Lemma eqmod_ideal_sym p q : eqmod_ideal p q -> eqmod_ideal q p.
Proof. by move=> /in_ideal_genN; rewrite opprB. Qed.

Lemma eqmod_ideal_trans p q r :
  eqmod_ideal p q -> eqmod_ideal q r -> eqmod_ideal p r.
Proof. by rewrite /eqmod_ideal -[p - r](subrKA q); apply: in_ideal_genD. Qed.

Lemma eqmod_idealMl r p q : eqmod_ideal p q -> eqmod_ideal (r * p) (r * q).
Proof. by rewrite /eqmod_ideal -mulrBr; apply: in_ideal_genMl. Qed.

End IdealGen.

Lemma in_ideal_genZ (R : comNzRingType) (m : nat) (G : {mpoly R[m]} -> Prop) c p :
  in_ideal_gen G p -> in_ideal_gen G (c *: p).
Proof. by rewrite -mul_mpolyC; apply: in_ideal_genMl. Qed.

Section MpolyIdeal.
Variables (R : comNzRingType) (m m' : nat).

Lemma eqmod_ideal_linear (G : {mpoly R[m]} -> Prop)
    (f : {linear {mpoly R[m]} -> {mpoly R[m]}}) :
  (forall d, eqmod_ideal G 'X_[d] (f 'X_[d])) -> forall p, eqmod_ideal G p (f p).
Proof.
move=> eqX p; rewrite /eqmod_ideal {1 2}[p]mpolyE linear_sum -sumrB.
by apply: in_ideal_gen_sum => d _; rewrite linearZ -scalerBr; apply/in_ideal_genZ/eqX.
Qed.

Lemma linear_in_ideal_gen (G : {mpoly R[m]} -> Prop) (H : {mpoly R[m']} -> Prop)
    (f : {linear {mpoly R[m]} -> {mpoly R[m']}}) :
  (forall d g, G g -> in_ideal_gen H (f ('X_[d] * g))) ->
  forall p, in_ideal_gen G p -> in_ideal_gen H (f p).
Proof.
move=> HX p [s [Gs ->]]; rewrite linear_sum; apply: in_ideal_gen_sum => x sx.
rewrite [x.1]mpolyE mulr_suml linear_sum; apply: in_ideal_gen_sum => d _.
by rewrite -scalerAl linearZ; apply: in_ideal_genZ; apply: HX; apply: Gs.
Qed.

End MpolyIdeal.

Section LinearExtension.
Variables (R : nzRingType) (m : nat) (V : lmodType R) (g : 'X_{1..m} -> V).

Definition mlinext (p : {mpoly R[m]}) : V := \sum_(d <- msupp p) p@_d *: g d.

Lemma mlinextE p w : (msize p <= w)%N ->
  mlinext p = \sum_(d : 'X_{1..m < w}) p@_d *: g d.
Proof.
move=> le_p_w; set X : subFinType _ := 'X_{1..m < w}.
rewrite /mlinext (big_mksub X) ?msupp_uniq //=.
  by rewrite big_rmcond //= => d /memN_msupp_eq0->; rewrite scale0r.
by move=> d /msize_mdeg_lt /leq_trans; apply.
Qed.

Lemma mlinext_is_linear : linear mlinext.
Proof.
move=> c p q; pose w := maxn (msize p) (msize q).
have le_p : (msize p <= w)%N by rewrite leq_maxl.
have le_q : (msize q <= w)%N by rewrite leq_maxr.
have le_cpq : (msize (c *: p + q) <= w)%N.
  apply: leq_trans (msizeD_le _ _) _.
  by rewrite geq_max le_q andbT (leq_trans (msizeZ_le _ _)).
rewrite !(mlinextE le_p, mlinextE le_q, mlinextE le_cpq) scaler_sumr -big_split.
by apply: eq_bigr => d _; rewrite mcoeffD mcoeffZ scalerDl scalerA.
Qed.

HB.instance Definition _ := GRing.isLinear.Build R {mpoly R[m]} V *:%R mlinext
  mlinext_is_linear.

Lemma mlinextX d : mlinext 'X_[d] = g d.
Proof. by rewrite /mlinext msuppX big_seq1 mcoeffX eqxx scale1r. Qed.

End LinearExtension.

Section DoubleSwap.
Variable E : finType.
Implicit Types (U V W : {set E}) (e x y : E).

Definition exchange W x y : {set E} := (W :\ x) :|: [set y].

Lemma notin_setD1 W x y : x \notin W -> x \notin W :\ y.
Proof. by move=> xW; rewrite in_setD1 (negbTE xW) andbF. Qed.

Lemma ivec_inj U V : ivec U =1 ivec V -> U = V.
Proof.
move=> eqUV; apply/setP => e; move: (eqUV e); rewrite /ivec.
by case: (e \in U); case: (e \in V).
Qed.

Lemma ivec_lt U1 U2 e : (ivec U2 e < ivec U1 e) = (e \in U1) && (e \notin U2).
Proof. by rewrite /ivec ltz_nat; case: (e \in U1); case: (e \in U2). Qed.

Lemma exchange_id W x : x \in W -> exchange W x x = W.
Proof.
move=> xW; apply/setP => e; rewrite !inE.
by case: (eqVneq e x) => [->|]; rewrite ?xW ?orbT //= orbF.
Qed.

Lemma ivec_exchange W x y e : x \in W -> y \notin W :\ x ->
  ivec (exchange W x y) e = ivec W e + eps y e - eps x e.
Proof.
move=> xW; case: (eqVneq y x) => [-> _|nyx]; first by rewrite exchange_id ?addrK.
rewrite in_setD1 nyx /= => yW; rewrite /ivec /eps !inE.
case: (eqVneq e x) => [->|nex]; first by rewrite eq_sym (negbTE nyx) xW addr0 subrr.
case: (eqVneq e y) => [->|ney]; first by rewrite (negbTE yW) add0r subr0.
by rewrite orbF addr0 subr0.
Qed.

Lemma exchangeK W x y : x \in W -> y \notin W -> exchange (exchange W x y) y x = W.
Proof.
move=> xW yW; have nxy : x != y by apply: contraNneq yW => <-.
have xX : x \notin exchange W x y :\ y by rewrite !inE eqxx (negbTE nxy) andbF.
have yX : y \in exchange W x y by rewrite !inE eqxx orbT.
by apply: ivec_inj => e; rewrite ivec_exchange // ivec_exchange ?notin_setD1 // subrK addrK.
Qed.

Lemma double_swap_exchange U1 U2 x y :
  x \in U1 -> x \notin U2 -> y \in U2 -> y \notin U1 ->
  double_swap U1 U2 (exchange U1 x y) (exchange U2 y x).
Proof.
move=> xU1 xU2 yU2 yU1; exists x, y.
by split; rewrite ?ivec_lt ?xU1 ?yU2 // => e; rewrite ivec_exchange ?notin_setD1.
Qed.

Lemma double_swapP U1 U2 V1 V2 : double_swap U1 U2 V1 V2 ->
  exists x y, [/\ x \in U1, x \notin U2, y \in U2 & y \notin U1] /\
              V1 = exchange U1 x y /\ V2 = exchange U2 y x.
Proof.
move=> [x [y [+ + V1E V2E]]]; rewrite !ivec_lt => /andP[xU1 xU2] /andP[yU2 yU1].
exists x, y; split=> //; split; apply: ivec_inj => e.
  by rewrite V1E ivec_exchange ?notin_setD1.
by rewrite V2E ivec_exchange ?notin_setD1.
Qed.
(* A number is representable iff it is [k a + e d] with [e <= k s], so in the
   residue class of [j d] modulo [a] (for [j < a]) the representable numbers
   are exactly those [>= ceil(j/s) a + j d].  Telescoping along [n -> n + a]
   gives, for the gap polynomial [G(x) = sum_(n in NR) x^n],
     [(1 - x)(1 - x^a) G(x) = (1 - x^a) - (1 - x) sum_(j < a) x^(ceil(j/s) a + j d)],
   and grouping the last sum into blocks of [s] consecutive [j] makes it a
   rational function of [x].  At [x = e^z], [G] is the exponential generating
   function of the power sums [S_m]. *)

Set Implicit Arguments.
Unset Strict Implicit.
Unset Printing Implicit Defensive.
Import Order.TTheory GRing.Theory Num.Theory.
Import numFieldNormedType.Exports.
Local Open Scope classical_set_scope.
Local Open Scope ring_scope.

Definition cdivn (m d : nat) : nat := ((m + d.-1) %/ d)%N.

Section CeilingDivision.
Variable d : nat.
Hypothesis d_gt0 : (0 < d)%N.

Lemma leq_cdivnLR m k : (cdivn m d <= k)%N = (m <= k * d)%N.
Proof. by rewrite /cdivn -ltnS ltn_divLR // mulSn; apply/idP/idP; lia. Qed.

Lemma leq_mul_cdivn m : (m <= cdivn m d * d)%N.
Proof. by rewrite -leq_cdivnLR. Qed.

Lemma leq_cdivn m : (cdivn m d <= m)%N.
Proof. by rewrite leq_cdivnLR leq_pmulr. Qed.

Lemma cdiv0n : cdivn 0 d = 0%N.
Proof. by apply/eqP; rewrite -leqn0 leq_cdivnLR. Qed.

Lemma cdivnMDl q m : cdivn (q * d + m) d = (q + cdivn m d)%N.
Proof. by rewrite /cdivn -addnA divnMDl. Qed.

Lemma cdivnS m : cdivn m.+1 d = (cdivn m d + (m == cdivn m d * d))%N.
Proof.
have le_m := leq_mul_cdivn m.
case: eqP => [m_eq | m_neq]; apply/eqP; rewrite eqn_leq leq_cdivnLR.
- rewrite addn1; apply/andP; split; first by rewrite mulSn; lia.
  by rewrite ltnNge leq_cdivnLR -m_eq ltnn.
- rewrite addn0 ltn_neqAle (introN eqP m_neq) le_m /= leq_cdivnLR.
  exact: leq_trans (leqnSn m) (leq_mul_cdivn m.+1).
Qed.

Lemma ceil_natr_div (R : archiFieldType) m :
  Num.ceil (m%:R / d%:R : R) = (cdivn m d)%:Z.
Proof.
have d_pos : (0 : R) < d%:R by rewrite ltr0n.
apply: ceil_def.
rewrite ler_pdivrMr // ltr_pdivlMr // -natrM ler_nat leq_mul_cdivn andbT.
rewrite rmorphB /= mulrBl mul1r ltrBlDr -natrM -natrD ltr_nat /cdivn.
have := leq_trunc_div (m + d.-1) d; lia.
Qed.

End CeilingDivision.

Lemma sum_cdivn_powers (R : comPzRingType) s (e f : R) n : (0 < s)%N ->
  (1 - f) * \sum_(j < n.+1) e ^+ cdivn j s * f ^+ j =
  1 - f ^+ n.+1 * e ^+ cdivn n s + f * (e - 1) * \sum_(m < cdivn n s) (e * f ^+ s) ^+ m.
Proof.
move=> s_gt0; elim: n => [|n IHn].
  by rewrite big_ord1 cdiv0n // big_ord0; ring.
rewrite big_ord_recr mulrDr IHn cdivnS //=; case: eqP => [n_eq | _].
  rewrite addn1 big_ord_recr /= exprMn -exprM mulnC -n_eq !exprS; ring.
by rewrite addn0 !exprS; ring.
Qed.
(* The equation eliminates [h11]; the remaining term [h2^2 + h h22] is the
   theta-derivative of the periodic function [h h2]. *)
Lemma weighted_flux_derive_eq s : 0 < s ->
  dw s * flux s + w s * dflux s =
  RInt (fun t => 2 * (w s * (h1 s t * h1 s t)) + 2 * (h2 s t * h2 s t) / w s) 0 (2 * PI).
Proof.
  intros Hs. pose proof (w_pos s Hs) as Hw.
  assert (Hc := fun y => jet_slices_continuous s y Hs).
  set (qf := fun t => h1 s t * h s t + h s t * h1 s t).
  set (qd := fun t => (h11 s t * h s t + h1 s t * h1 s t) + (h1 s t * h1 s t + h s t * h11 s t)).
  set (A := fun t => 2 * (w s * (h1 s t * h1 s t)) + 2 * (h2 s t * h2 s t) / w s).
  set (B := fun t => h2 s t * h2 s t + h s t * h22 s t).
  assert (Hex : forall f : R -> R,
    (forall y, continuous (fun t => h s t) y -> continuous (fun t => h1 s t) y ->
    continuous (fun t => h2 s t) y -> continuous (fun t => h11 s t) y ->
    continuous (fun t => h22 s t) y -> continuous f y) -> ex_RInt f 0 (2 * PI)).
  { intros f Hf. apply ex_RInt_slice. intros y. destruct (Hc y) as (? & ? & ? & ? & ?). auto. }
  assert (HexA : ex_RInt A 0 (2 * PI)) by (apply Hex; intros; unfold A; auto_continuous).
  assert (HexB : ex_RInt B 0 (2 * PI)) by (apply Hex; intros; unfold B; auto_continuous).
  assert (Hlhs : RInt (fun t => dw s * qf t + w s * qd t) 0 (2 * PI) =
                 dw s * flux s + w s * dflux s).
  { assert (ex_RInt qf 0 (2 * PI)) by (apply Hex; intros; unfold qf; auto_continuous).
    assert (ex_RInt qd 0 (2 * PI)) by (apply Hex; intros; unfold qd; auto_continuous).
    rewrite (RInt_plus (fun t => dw s * qf t) (fun t => w s * qd t)).
    - rewrite (RInt_Rmult_l qf), (RInt_Rmult_l qd) by assumption. reflexivity.
    - apply (ex_RInt_scal qf). assumption.
    - apply (ex_RInt_scal qd). assumption. }
  assert (Hrhs : RInt (fun t => A t - 2 / w s * B t) 0 (2 * PI) = RInt A 0 (2 * PI)).
  { assert (HB : RInt B 0 (2 * PI) = 0) by exact (RInt_h2_sqr_plus_h_h22 s Hs).
    rewrite (RInt_minus A (fun t => 2 / w s * B t)), (RInt_Rmult_l B), HB
      by (exact HexA || exact HexB || apply (ex_RInt_scal B), HexB).
    unfold minus, plus, opp; simpl. ring. }
  assert (Hpt : forall t, dw s * qf t + w s * qd t = A t - 2 / w s * B t).
  { intros t. pose proof (jet_eq (h_jet s t Hs)) as Heq. unfold qf, qd, A, B.
    transitivity (2 * (w s * (h1 s t * h1 s t)) + 2 * (h2 s t * h2 s t) / w s -
      2 / w s * (h2 s t * h2 s t + h s t * h22 s t) +
      2 * h s t * (dw s * h1 s t + w s * h11 s t + h22 s t / w s)); [field; lra|].
    rewrite Heq. ring. }
  rewrite <- Hlhs, (RInt_ext _ _ _ _ (fun t _ => Hpt t)). exact Hrhs.
Qed.
(* Let $(D,v^* )$ be a neighbor-acyclic instance such that $D$ has no source. Then $v^*$ is a 3-king of $D$, i.e., every vertex of $D$ is reachable from $v^*$ by a directed path of length at most $3$.
   Context: A tournament is a digraph with exactly one arc between every pair of distinct vertices. An instance $(D,v^* )$ (tournament $D$, vertex $v^*$) is neighbor-acyclic if $D[N_{\mathrm{in}}(v^* )]$ and $D[N_{\mathrm{out}}(v^* )]$ are both acyclic. A source is a vertex of in-degree $0$. *)

From mathcomp Require Import all_boot.
Set Implicit Arguments. Unset Strict Implicit. Unset Printing Implicit Defensive.

(* A digraph on a finite vertex type V is given by its arc relation E:
   E x y  means there is an arc x -> y. *)

Definition tournament (V : finType) (E : rel V) : Prop :=
  (forall x, ~~ E x x) /\
  (forall x y, x != y -> (E x y || E y x) && ~~ (E x y && E y x)).

Definition in_nbhd (V : finType) (E : rel V) (v : V) : {set V} := [set u | E u v].
Definition out_nbhd (V : finType) (E : rel V) (v : V) : {set V} := [set u | E v u].

Definition induced (V : finType) (E : rel V) (A : {set V}) : rel V :=
  fun x y => [&& x \in A, y \in A & E x y].

Definition acyclic (V : finType) (E : rel V) : Prop :=
  forall x y, E x y -> ~~ connect E y x.

Definition neighbor_acyclic (V : finType) (E : rel V) (v : V) : Prop :=
  acyclic (induced E (in_nbhd E v)) /\ acyclic (induced E (out_nbhd E v)).

Definition is_source (V : finType) (E : rel V) (v : V) : Prop :=
  forall u, ~~ E u v.

(* v is a k-king: every vertex is reachable from v by a directed path of
   length at most k (a walk of length <= k; a shortest such walk is a path). *)
Definition is_king (V : finType) (E : rel V) (k : nat) (v : V) : Prop :=
  forall w, exists s : seq V, [/\ size s <= k, path E v s & last v s = w].

From mathcomp Require Import all_boot.

(* Let w be a vertex not reached from v* in one step, so w -> v*.  Since D[N_in(v* )]
   is acyclic, w has an ancestor m inside N_in(v* ) with no in-neighbour there.
   Any in-neighbour u of m (one exists, m is not a source) lies outside
   N_in(v* ) and differs from v*, hence v* -> u, and m dominates every other
   vertex of N_in(v* ); so v* -> u -> m -> w. *)

Set Implicit Arguments.
Unset Strict Implicit.
Unset Printing Implicit Defensive.

Lemma acyclic_source_ancestor (V : finType) (F : rel V) (x : V) :
  acyclic F -> exists2 m, connect F m x & forall u, ~~ F u m.
Proof.
move=> acF.
(* An in-neighbour of an ancestor minimising the ancestor count would have strictly fewer ancestors. *)
pose anc y := [set z | connect F z y].
case: (@arg_minnP _ x (connect F ^~ x) (fun y => #|anc y|) (connect0 F x)) => m Fmx minm.
exists m => // u; apply/negP => Fum.
have ancS : anc u \proper anc m.
  apply/properP; split.
    by apply/subsetP => z; rewrite !inE => Fzu; apply: connect_trans Fzu (connect1 Fum).
  by exists m; rewrite inE ?connect0 ?(acF _ _ Fum).
have := minm u (connect_trans (connect1 Fum) Fmx).
by rewrite leqNgt (proper_card ancS).
Qed.

Lemma connect_induced_mem (V : finType) (E : rel V) (A : {set V}) (x y : V) :
  connect (induced E A) x y -> y \in A -> x \in A.
Proof.
by case/connectP => [[_ /= ->|z s /= /andP [/and3P [] //]]].
Qed.

Section Tournament.

Variables (V : finType) (E : rel V).
Hypothesis tourE : tournament E.

Lemma tournament_asym (x y : V) : E x y -> ~~ E y x.
Proof.
move=> Exy; have [irr tot] := tourE.
have nxy : x != y by apply: contraTneq Exy => ->; apply: irr.
by move: (tot x y nxy); rewrite Exy.
Qed.

Lemma tournament_total (x y : V) : x != y -> ~~ E x y -> E y x.
Proof.
by have [_ tot] := tourE; move=> /tot; case: (E x y); case: (E y x).
Qed.

Lemma in_nbhd_source_reached (v m : V) :
  ~ is_source E m -> m \in in_nbhd E v ->
  (forall u, u \in in_nbhd E v -> ~~ E u m) ->
  exists2 u, E v u & E u m.
Proof.
move=> srcN; rewrite inE => Emv srcI.
have [u Eum] : exists u, E u m.
  by apply/existsP; apply: contraT => /existsPn noin; case: srcN.
exists u => //; apply: tournament_total.
  by apply: contraTneq Eum => ->; apply: tournament_asym.
by apply: contraT => /negbNE Euv; move: (srcI u); rewrite inE Euv Eum => /(_ isT).
Qed.

End Tournament.

Theorem lemma3 (V : finType) (E : rel V) (vstar : V) :
  tournament E ->
  neighbor_acyclic E vstar ->
  (forall v : V, ~ is_source E v) ->
  is_king E 3 vstar.
Proof.
move=> tourE [acI _] nosrc w.
have [->|nwv] := eqVneq w vstar; first by exists [::].
have [Evw|nEvw] := boolP (E vstar w); first by exists [:: w]; rewrite /= Evw.
have wI : w \in in_nbhd E vstar by rewrite inE (tournament_total tourE) // eq_sym.
have [m Fmw srcm] := acyclic_source_ancestor w acI.
have mI := connect_induced_mem Fmw wI.
have srcmI u : u \in in_nbhd E vstar -> ~~ E u m.
  by move=> uI; apply: contra (srcm u) => Eum; rewrite /induced uI mI Eum.
have [u Evu Eum] := in_nbhd_source_reached tourE (nosrc m) mI srcmI.
have [->|nwm] := eqVneq w m; first by exists [:: u; m]; rewrite /= Evu Eum.
have Emw : E m w := tournament_total tourE nwm (srcmI w wI).
by exists [:: u; m; w]; rewrite /= Evu Eum Emw.
Qed.
(* The following four rules are admissible in $\mathbf{CL12}$ (whenever all premises are provable, so is the conclusion), where $y$ is a variable not occurring in the conclusion: $\sqcap$-Introduction: from $\vec E\circ\!\!-\,F^{\vee}[G_0]$ and $\vec E\circ\!\!-\,F^{\vee}[G_1]$ infer $\vec E\circ\!\!-\,F^{\vee}[G_0\sqcap G_1]$; $\sqcup$-Introduction: from $\vec E,F^{\wedge}[G_0],\vec K\circ\!\!-\,H$ and $\vec E,F^{\wedge}[G_1],\vec K\circ\!\!-\,H$ infer $\vec E,F^{\wedge}[G_0\sqcup G_1],\vec K\circ\!\!-\,H$; $\sqcap x$-Introduction: from $\vec E\circ\!\!-\,F^{\vee}[G(y)]$ infer $\vec E\circ\!\!-\,F^{\vee}[\sqcap xG(x)]$; $\sqcup x$-Introduction: from $\vec E,F^{\wedge}[G(y)],\vec K\circ\!\!-\,H$ infer $\vec E,F^{\wedge}[\sqcup xG(x)],\vec K\circ\!\!-\,H$.
   Context: Notation: $F^{\vee}[G]$ (resp. $F^{\wedge}[G]$) denotes a formula $F$ with a fixed surface occurrence of $G$ that is not in the scope of any $\wedge$ (resp. any $\vee$); $F^{\vee}[G']$ denotes the result of replacing that occurrence by $G'$, and similarly for $F^{\wedge}$. $G(y)$ is the result of replacing all free occurrences of $x$ in $G(x)$ by $y$. Language. Fix an infinite set of variables and an infinite, disjoint set of constants $\{0,1,10,11,100,\ldots\}$ (binary numerals). There are nonlogical predicate and function letters, each with a fixed arity (infinitely many of each arity), and the binary logical predicate letter $=$. Formulas are built from atomic formulas and their negations, the $0$-ary connectives $\top,\bot$, binary $\wedge,\vee$ (parallel) and $\sqcap,\sqcup$ (choice), blind quantifiers $\forall,\exists$ and choice quantifiers $\sqcap x,\sqcup x$. For nonatomic $E$, $\neg E$ abbreviates its De Morgan dual and $E\to F$ abbreviates $\neg E\vee F$. A sequent is $E_1,\ldots,E_n\circ\!\!-\,F$ ($n\ge0$); free and bound variables of any sequent are assumed disjoint. $\vec E,\vec K,\ldots$ denote finite sequences of formulas. Elementarization: $\|F\|$ replaces every $\sqcup$- and $\sqcup x$-subformula by $\bot$ and every $\sqcap$- and $\sqcap x$-subformula by $\top$; $\|G_1,\ldots,G_n\circ\!\!-\,F\|=\|G_1\|\wedge\cdots\wedge\|G_n\|\to\|F\|$. A sequent is stable iff its elementarization is valid in classical first-order logic with function letters, constants and identity. A surface occurrence is one not in the scope of a choice operator ($\sqcap,\sqcup,\sqcap x,\sqcup x$); $F[E]$ denotes a formula with a fixed surface occurrence of $E$, and $F[H]$ the result of replacing that occurrence by $H$. The rules of $\mathbf{CL12}$: - $\sqcup$-Choose: from $\vec G\circ\!\!-\,F[H_i]$ infer $\vec G\circ\!\!-\,F[H_0\sqcup H_1]$ ($i\in\{0,1\}$). - $\sqcap$-Choose: from $\vec G,E[H_i],\vec K\circ\!\!-\,F$ infer $\vec G,E[H_0\sqcap H_1],\vec K\circ\!\!-\,F$. - $\sqcup x$-Choose: from $\vec G\circ\!\!-\,F[H(\mathfrak t)]$ infer $\vec G\circ\!\!-\,F[\sqcup xH(x)]$. - $\sqcap x$-Choose: from $\vec G,E[H(\mathfrak t)],\vec K\circ\!\!-\,F$ infer $\vec G,E[\sqcap xH(x)],\vec K\circ\!\!-\,F$. ($\mathfrak t$ a constant or a variable with no bound occurrences in the premise.) - Replicate: from $\vec G,E,\vec K,E\circ\!\!-\,F$ infer $\vec G,E,\vec K\circ\!\!-\,F$. - Wait: from $Y_1,\ldots,Y_n$ ($n\ge0$) infer $X$, provided: (1) whenever $X$ is $\vec G\circ\!\!-\,F[H_0\sqcap H_1]$, both $\vec G\circ\!\!-\,F[H_0]$ and $\vec G\circ\!\!-\,F[H_1]$ are among the $Y_i$; (2) whenever $X$ is $\vec G,E[H_0\sqcup H_1],\vec K\circ\!\!-\,F$, both $\vec G,E[H_0],\vec K\circ\!\!-\,F$ and $\vec G,E[H_1],\vec K\circ\!\!-\,F$ are among the $Y_i$; (3) whenever $X$ is $\vec G\circ\!\!-\,F[\sqcap xH(x)]$, for some variable $y$ not occurring in $X$, $\vec G\circ\!\!-\,F[H(y)]$ is among the $Y_i$; (4) whenever $X$ is $\vec G,E[\sqcup xH(x)],\vec K\circ\!\!-\,F$, for some $y$ not occurring in $X$, $\vec G,E[H(y)],\vec K\circ\!\!-\,F$ is among the $Y_i$; (5) $X$ is stable. A $\mathbf{CL12}$-proof of $X$ is a finite sequence of sequents ending in $X$, each following by a rule from earlier members. *)

From Stdlib Require Import List Arith.
Import ListNotations.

· · ·

EXERCISE
Would you print, exactly as written, every line above from the one holding "by rewrite V2E ivec_exchange ?notin_setD1." through the one holding "Import Order.TTheory GRing.Theory Num.Theory.", with both included and no other lines?

YOUR SOLUTION
by rewrite V2E ivec_exchange ?notin_setD1.
Qed.
(* A number is representable iff it is [k a + e d] with [e <= k s], so in the
   residue class of [j d] modulo [a] (for [j < a]) the representable numbers
   are exactly those [>= ceil(j/s) a + j d].  Telescoping along [n -> n + a]
   gives, for the gap polynomial [G(x) = sum_(n in NR) x^n],
     [(1 - x)(1 - x^a) G(x) = (1 - x^a) - (1 - x) sum_(j < a) x^(ceil(j/s) a + j d)],
   and grouping the last sum into blocks of [s] consecutive [j] makes it a
   rational function of [x].  At [x = e^z], [G] is the exponential generating
   function of the power sums [S_m]. *)

Set Implicit Arguments.
Unset Strict Implicit.
Unset Printing Implicit Defensive.
Import Order.TTheory GRing.Theory Num.Theory.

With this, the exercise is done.